### Problem statement
Look below for the line holding "- split; [lia | simpl; lra]." and the line holding "intros HM HN Heps Hb [Hbig|Hradius].". Transcribe exactly those lines and all lines between them, nothing more.

-- Data shown follows --

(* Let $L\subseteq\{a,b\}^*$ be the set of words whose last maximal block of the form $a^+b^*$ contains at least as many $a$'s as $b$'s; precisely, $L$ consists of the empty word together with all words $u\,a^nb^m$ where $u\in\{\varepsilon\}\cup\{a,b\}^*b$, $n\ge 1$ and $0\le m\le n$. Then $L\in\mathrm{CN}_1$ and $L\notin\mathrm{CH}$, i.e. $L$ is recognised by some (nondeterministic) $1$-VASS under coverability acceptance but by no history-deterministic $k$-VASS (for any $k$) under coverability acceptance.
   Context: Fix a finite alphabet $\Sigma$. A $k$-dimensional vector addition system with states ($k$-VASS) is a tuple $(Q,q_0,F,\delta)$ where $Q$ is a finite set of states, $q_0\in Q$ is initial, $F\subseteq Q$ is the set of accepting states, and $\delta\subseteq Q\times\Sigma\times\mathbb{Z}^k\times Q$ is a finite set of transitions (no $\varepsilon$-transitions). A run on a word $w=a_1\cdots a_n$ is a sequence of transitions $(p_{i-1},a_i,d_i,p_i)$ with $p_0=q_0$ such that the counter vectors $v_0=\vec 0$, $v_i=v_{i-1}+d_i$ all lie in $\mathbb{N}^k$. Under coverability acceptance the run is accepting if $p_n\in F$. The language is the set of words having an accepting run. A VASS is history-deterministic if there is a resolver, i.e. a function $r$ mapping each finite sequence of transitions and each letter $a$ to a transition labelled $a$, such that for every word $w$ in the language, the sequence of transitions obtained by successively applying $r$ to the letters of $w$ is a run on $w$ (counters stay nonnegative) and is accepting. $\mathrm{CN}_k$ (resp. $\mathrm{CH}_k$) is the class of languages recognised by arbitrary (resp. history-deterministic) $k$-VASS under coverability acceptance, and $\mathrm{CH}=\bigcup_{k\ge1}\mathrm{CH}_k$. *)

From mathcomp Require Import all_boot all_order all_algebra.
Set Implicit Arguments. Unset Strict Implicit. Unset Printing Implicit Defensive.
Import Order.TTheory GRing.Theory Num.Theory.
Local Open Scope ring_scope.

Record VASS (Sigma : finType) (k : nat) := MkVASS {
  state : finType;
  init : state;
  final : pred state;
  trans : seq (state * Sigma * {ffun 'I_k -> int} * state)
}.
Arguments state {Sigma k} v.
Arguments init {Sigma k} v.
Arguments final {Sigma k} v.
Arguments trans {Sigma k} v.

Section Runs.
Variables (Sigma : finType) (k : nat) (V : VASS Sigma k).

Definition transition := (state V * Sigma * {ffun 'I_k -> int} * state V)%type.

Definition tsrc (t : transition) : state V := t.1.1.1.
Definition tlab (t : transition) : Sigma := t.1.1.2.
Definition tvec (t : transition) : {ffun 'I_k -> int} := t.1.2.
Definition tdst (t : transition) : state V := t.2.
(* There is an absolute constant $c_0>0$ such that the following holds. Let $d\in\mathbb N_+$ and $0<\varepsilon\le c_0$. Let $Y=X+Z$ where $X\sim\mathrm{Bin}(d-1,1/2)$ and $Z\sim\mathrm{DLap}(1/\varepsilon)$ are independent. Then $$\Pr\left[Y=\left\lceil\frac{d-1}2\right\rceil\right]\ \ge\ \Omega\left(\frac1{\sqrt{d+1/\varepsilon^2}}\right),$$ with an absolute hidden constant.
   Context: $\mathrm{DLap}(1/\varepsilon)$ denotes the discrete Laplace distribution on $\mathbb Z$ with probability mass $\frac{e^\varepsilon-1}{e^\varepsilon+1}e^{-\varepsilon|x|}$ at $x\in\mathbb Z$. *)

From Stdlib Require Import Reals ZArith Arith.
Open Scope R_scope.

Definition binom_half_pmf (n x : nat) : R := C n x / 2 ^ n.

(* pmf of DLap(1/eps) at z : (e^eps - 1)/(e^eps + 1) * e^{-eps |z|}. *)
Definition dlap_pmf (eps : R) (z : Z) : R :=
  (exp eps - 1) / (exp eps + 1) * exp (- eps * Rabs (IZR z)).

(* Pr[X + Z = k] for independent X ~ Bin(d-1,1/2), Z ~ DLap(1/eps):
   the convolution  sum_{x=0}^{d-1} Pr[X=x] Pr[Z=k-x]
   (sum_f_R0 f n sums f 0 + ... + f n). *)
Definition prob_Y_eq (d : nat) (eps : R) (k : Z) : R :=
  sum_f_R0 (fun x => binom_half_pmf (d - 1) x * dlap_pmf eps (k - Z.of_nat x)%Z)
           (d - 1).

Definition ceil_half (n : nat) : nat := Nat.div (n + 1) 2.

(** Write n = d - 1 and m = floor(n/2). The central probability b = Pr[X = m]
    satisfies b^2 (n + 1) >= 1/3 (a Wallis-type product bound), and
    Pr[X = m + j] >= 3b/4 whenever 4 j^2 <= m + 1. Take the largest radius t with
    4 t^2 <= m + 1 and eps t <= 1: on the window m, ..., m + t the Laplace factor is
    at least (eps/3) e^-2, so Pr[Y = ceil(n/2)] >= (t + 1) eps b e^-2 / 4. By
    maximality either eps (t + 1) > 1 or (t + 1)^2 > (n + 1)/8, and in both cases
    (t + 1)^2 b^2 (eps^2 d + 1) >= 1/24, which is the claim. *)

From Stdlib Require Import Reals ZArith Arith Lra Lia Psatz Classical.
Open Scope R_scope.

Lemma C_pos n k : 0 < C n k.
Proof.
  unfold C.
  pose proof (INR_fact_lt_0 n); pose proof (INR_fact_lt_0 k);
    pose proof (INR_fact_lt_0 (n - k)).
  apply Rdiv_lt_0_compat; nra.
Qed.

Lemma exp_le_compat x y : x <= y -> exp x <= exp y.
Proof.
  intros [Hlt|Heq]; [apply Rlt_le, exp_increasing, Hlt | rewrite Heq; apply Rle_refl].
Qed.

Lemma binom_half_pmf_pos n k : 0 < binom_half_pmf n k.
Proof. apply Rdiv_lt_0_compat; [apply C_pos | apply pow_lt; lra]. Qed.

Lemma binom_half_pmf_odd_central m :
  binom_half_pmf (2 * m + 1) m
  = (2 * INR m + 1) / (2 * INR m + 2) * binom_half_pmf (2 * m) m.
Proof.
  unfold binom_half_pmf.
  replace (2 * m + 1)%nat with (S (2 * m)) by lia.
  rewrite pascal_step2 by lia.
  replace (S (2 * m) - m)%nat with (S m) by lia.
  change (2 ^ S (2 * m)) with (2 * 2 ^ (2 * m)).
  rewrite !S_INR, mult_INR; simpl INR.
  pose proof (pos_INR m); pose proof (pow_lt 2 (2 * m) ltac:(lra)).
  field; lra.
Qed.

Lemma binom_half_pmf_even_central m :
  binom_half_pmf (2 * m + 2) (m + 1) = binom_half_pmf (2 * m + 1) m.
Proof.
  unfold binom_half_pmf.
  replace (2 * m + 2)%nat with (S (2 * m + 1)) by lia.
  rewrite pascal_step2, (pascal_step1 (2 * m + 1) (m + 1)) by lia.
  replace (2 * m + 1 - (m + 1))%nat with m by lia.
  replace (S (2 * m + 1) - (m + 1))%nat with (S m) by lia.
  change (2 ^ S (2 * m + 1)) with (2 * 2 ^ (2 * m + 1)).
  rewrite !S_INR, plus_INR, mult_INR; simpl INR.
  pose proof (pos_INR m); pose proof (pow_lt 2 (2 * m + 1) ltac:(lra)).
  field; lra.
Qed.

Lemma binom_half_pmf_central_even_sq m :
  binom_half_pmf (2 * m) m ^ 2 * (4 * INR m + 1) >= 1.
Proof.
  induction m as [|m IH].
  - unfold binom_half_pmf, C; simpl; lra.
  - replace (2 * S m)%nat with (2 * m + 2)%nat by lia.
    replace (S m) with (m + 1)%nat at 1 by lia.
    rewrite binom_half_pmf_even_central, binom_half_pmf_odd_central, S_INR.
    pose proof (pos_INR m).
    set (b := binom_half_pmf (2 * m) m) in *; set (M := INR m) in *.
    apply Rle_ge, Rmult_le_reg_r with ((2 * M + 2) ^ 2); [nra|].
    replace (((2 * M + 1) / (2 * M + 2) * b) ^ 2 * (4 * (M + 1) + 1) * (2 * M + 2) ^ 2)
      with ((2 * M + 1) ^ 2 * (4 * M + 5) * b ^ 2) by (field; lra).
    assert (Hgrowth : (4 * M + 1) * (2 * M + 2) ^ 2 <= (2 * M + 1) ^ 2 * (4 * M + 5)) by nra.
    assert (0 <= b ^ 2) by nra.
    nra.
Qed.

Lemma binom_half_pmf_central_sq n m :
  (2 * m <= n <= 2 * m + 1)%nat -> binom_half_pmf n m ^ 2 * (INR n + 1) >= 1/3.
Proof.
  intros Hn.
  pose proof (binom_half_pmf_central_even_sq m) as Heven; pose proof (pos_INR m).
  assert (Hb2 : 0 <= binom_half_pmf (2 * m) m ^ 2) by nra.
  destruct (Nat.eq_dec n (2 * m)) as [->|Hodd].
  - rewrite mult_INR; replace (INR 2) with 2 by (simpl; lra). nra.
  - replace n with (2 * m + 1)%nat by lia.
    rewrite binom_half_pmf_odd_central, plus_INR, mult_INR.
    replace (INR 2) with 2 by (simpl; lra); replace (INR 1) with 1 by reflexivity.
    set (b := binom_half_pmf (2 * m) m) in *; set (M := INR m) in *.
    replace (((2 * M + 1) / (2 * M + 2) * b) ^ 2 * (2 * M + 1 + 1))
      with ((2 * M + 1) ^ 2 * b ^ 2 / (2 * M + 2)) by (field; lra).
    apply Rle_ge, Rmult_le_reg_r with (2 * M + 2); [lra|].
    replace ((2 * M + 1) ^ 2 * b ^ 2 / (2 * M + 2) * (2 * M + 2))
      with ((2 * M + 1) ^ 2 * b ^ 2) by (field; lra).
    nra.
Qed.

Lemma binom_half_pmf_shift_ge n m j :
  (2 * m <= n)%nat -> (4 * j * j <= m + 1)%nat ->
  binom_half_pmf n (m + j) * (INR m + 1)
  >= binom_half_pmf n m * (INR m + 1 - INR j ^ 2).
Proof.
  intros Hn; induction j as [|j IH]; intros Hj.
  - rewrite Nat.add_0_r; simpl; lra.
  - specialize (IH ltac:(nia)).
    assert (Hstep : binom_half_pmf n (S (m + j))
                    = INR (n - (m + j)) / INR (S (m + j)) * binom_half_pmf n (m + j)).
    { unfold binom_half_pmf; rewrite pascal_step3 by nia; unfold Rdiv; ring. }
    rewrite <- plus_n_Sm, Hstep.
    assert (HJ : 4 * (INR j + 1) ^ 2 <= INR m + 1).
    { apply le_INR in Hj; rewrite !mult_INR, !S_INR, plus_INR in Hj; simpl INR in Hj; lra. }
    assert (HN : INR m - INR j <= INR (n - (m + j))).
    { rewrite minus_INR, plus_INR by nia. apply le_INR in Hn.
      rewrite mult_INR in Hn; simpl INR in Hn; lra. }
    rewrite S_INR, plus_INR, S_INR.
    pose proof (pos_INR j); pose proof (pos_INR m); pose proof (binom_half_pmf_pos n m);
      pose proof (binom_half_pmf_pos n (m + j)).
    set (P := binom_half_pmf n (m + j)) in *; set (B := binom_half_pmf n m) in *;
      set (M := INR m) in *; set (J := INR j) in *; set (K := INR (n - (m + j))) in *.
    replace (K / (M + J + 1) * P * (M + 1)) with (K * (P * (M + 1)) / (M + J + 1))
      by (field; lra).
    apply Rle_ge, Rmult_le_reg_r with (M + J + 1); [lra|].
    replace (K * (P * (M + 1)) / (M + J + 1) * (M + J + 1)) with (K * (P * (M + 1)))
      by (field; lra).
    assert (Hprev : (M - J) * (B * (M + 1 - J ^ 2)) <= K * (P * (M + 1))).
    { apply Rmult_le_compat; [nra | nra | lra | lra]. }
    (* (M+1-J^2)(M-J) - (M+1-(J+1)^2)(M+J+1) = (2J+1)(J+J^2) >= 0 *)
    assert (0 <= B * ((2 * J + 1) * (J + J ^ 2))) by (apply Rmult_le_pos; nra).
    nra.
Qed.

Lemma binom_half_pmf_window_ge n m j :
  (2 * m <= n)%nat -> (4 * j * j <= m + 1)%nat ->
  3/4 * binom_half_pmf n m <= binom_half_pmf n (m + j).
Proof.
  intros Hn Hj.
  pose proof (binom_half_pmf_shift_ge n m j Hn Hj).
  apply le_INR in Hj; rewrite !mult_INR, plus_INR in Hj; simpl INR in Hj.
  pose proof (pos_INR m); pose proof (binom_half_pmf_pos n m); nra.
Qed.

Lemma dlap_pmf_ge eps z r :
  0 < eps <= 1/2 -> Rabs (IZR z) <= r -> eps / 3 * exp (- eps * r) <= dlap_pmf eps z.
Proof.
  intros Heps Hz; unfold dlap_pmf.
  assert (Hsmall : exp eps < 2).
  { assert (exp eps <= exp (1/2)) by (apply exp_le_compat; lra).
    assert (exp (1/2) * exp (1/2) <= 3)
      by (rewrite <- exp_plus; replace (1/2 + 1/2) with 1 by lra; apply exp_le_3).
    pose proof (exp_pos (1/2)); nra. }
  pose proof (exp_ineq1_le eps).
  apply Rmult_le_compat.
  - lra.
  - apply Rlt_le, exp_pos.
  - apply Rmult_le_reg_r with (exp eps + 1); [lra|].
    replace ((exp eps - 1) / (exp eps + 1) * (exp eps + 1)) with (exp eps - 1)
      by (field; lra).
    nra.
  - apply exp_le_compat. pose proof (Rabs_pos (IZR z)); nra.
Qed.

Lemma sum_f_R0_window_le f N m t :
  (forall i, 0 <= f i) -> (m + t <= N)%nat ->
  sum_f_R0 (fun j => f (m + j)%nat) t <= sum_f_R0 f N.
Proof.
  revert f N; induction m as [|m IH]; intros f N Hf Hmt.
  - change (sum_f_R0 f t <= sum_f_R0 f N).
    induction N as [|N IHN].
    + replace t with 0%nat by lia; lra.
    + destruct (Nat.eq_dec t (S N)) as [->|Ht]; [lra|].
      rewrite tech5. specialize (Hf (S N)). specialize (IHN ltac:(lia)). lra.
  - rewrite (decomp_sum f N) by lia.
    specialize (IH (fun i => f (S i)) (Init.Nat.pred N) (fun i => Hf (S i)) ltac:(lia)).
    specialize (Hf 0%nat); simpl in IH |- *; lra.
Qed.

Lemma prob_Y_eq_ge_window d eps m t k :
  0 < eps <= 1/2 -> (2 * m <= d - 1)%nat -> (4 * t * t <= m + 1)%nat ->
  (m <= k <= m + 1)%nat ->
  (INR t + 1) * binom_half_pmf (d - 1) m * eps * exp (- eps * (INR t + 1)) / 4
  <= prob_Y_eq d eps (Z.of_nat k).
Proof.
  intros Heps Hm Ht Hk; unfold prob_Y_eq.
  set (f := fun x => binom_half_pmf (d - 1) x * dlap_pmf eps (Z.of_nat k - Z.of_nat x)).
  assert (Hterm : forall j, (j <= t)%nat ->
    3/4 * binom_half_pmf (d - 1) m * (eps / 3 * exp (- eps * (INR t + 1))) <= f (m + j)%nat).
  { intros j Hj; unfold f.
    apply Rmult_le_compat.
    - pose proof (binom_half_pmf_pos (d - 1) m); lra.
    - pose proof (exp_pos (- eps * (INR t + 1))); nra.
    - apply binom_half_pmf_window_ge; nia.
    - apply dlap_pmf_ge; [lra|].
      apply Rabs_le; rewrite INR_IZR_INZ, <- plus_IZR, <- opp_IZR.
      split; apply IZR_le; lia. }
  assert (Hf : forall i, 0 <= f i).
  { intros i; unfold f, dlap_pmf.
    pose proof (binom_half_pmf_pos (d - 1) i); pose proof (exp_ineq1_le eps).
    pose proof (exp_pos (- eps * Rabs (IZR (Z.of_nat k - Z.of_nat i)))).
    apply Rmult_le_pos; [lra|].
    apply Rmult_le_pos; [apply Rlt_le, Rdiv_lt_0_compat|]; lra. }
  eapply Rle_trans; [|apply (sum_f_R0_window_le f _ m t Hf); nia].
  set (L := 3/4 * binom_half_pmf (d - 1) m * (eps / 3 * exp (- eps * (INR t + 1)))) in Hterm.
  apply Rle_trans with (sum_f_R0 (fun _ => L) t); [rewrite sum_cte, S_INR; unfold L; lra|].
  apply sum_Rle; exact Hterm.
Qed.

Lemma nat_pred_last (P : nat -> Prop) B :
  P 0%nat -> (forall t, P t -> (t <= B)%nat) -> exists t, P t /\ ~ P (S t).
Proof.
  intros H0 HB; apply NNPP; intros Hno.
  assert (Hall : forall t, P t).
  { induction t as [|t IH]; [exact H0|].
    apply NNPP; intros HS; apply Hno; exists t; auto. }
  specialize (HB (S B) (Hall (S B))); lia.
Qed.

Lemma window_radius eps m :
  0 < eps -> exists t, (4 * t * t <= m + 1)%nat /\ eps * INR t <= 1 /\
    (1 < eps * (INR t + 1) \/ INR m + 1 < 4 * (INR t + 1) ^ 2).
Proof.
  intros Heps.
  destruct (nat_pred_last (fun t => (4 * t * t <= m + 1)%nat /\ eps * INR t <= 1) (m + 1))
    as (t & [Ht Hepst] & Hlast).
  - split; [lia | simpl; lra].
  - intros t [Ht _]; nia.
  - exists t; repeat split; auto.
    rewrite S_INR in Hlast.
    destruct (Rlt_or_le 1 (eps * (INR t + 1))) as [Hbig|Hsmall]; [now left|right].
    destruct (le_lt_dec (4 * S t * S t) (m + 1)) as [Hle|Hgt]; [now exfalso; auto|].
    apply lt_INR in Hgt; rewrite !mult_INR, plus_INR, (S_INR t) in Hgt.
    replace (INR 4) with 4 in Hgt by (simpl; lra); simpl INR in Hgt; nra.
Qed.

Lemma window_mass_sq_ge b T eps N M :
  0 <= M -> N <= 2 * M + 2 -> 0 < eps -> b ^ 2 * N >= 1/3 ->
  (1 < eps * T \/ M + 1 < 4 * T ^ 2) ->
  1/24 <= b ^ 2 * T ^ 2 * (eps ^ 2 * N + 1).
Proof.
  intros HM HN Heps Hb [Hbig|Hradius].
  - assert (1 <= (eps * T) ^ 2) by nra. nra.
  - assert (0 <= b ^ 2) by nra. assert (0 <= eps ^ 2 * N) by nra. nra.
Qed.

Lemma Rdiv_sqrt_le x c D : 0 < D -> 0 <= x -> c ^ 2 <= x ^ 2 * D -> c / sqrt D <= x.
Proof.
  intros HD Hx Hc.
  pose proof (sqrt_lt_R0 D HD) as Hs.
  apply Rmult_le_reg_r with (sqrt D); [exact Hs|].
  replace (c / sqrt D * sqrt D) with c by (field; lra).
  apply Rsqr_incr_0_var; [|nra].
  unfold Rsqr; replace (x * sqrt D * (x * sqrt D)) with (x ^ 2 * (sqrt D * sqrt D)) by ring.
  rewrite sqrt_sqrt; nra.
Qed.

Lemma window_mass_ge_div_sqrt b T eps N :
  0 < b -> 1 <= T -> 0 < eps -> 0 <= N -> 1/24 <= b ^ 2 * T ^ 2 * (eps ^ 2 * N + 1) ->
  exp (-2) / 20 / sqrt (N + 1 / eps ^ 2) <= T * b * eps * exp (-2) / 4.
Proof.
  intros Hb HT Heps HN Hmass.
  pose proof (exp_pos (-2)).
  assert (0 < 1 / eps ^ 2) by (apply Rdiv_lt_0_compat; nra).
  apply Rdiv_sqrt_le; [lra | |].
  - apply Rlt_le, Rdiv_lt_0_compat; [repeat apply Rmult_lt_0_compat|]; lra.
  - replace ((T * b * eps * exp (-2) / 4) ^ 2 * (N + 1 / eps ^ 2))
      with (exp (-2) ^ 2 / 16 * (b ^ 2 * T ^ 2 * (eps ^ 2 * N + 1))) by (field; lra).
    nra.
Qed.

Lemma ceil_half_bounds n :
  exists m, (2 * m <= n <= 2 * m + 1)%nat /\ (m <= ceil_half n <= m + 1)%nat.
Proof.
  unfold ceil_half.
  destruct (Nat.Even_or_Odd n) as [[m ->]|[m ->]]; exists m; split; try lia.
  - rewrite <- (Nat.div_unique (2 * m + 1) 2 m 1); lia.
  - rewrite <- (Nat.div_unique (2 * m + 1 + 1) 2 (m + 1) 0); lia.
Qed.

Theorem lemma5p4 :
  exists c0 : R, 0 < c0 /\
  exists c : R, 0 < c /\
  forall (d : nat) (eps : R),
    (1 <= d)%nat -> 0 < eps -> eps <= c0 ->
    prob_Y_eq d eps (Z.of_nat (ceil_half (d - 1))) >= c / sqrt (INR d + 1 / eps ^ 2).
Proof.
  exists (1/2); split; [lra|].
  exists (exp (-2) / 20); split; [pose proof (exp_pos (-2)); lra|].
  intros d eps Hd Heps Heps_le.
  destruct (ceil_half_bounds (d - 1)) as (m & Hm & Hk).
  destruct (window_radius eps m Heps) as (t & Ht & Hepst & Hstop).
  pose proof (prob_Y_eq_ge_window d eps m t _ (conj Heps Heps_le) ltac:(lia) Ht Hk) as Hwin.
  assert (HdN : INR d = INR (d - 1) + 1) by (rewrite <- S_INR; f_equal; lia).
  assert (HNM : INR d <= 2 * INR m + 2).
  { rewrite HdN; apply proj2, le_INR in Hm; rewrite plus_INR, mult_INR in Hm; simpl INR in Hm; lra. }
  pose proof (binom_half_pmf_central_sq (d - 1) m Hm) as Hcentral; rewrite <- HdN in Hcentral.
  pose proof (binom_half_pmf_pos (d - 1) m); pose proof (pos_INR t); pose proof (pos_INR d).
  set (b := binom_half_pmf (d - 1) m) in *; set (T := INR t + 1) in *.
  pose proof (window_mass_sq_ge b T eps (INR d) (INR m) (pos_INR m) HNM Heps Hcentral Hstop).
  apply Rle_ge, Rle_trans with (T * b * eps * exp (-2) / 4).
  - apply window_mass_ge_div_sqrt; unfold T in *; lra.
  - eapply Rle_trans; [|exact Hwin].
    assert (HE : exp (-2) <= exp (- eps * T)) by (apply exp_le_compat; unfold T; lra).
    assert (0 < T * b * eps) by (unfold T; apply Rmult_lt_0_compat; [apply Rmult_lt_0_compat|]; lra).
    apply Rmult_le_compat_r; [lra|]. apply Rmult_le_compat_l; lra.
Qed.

-- Data shown concluded --

### Response to this task
  - split; [lia | simpl; lra].
  - intros t [Ht _]; nia.
  - exists t; repeat split; auto.
    rewrite S_INR in Hlast.
    destruct (Rlt_or_le 1 (eps * (INR t + 1))) as [Hbig|Hsmall]; [now left|right].
    destruct (le_lt_dec (4 * S t * S t) (m + 1)) as [Hle|Hgt]; [now exfalso; auto|].
    apply lt_INR in Hgt; rewrite !mult_INR, plus_INR, (S_INR t) in Hgt.
    replace (INR 4) with 4 in Hgt by (simpl; lra); simpl INR in Hgt; nra.
Qed.

Lemma window_mass_sq_ge b T eps N M :
  0 <= M -> N <= 2 * M + 2 -> 0 < eps -> b ^ 2 * N >= 1/3 ->
  (1 < eps * T \/ M + 1 < 4 * T ^ 2) ->
  1/24 <= b ^ 2 * T ^ 2 * (eps ^ 2 * N + 1).
Proof.
  intros HM HN Heps Hb [Hbig|Hradius].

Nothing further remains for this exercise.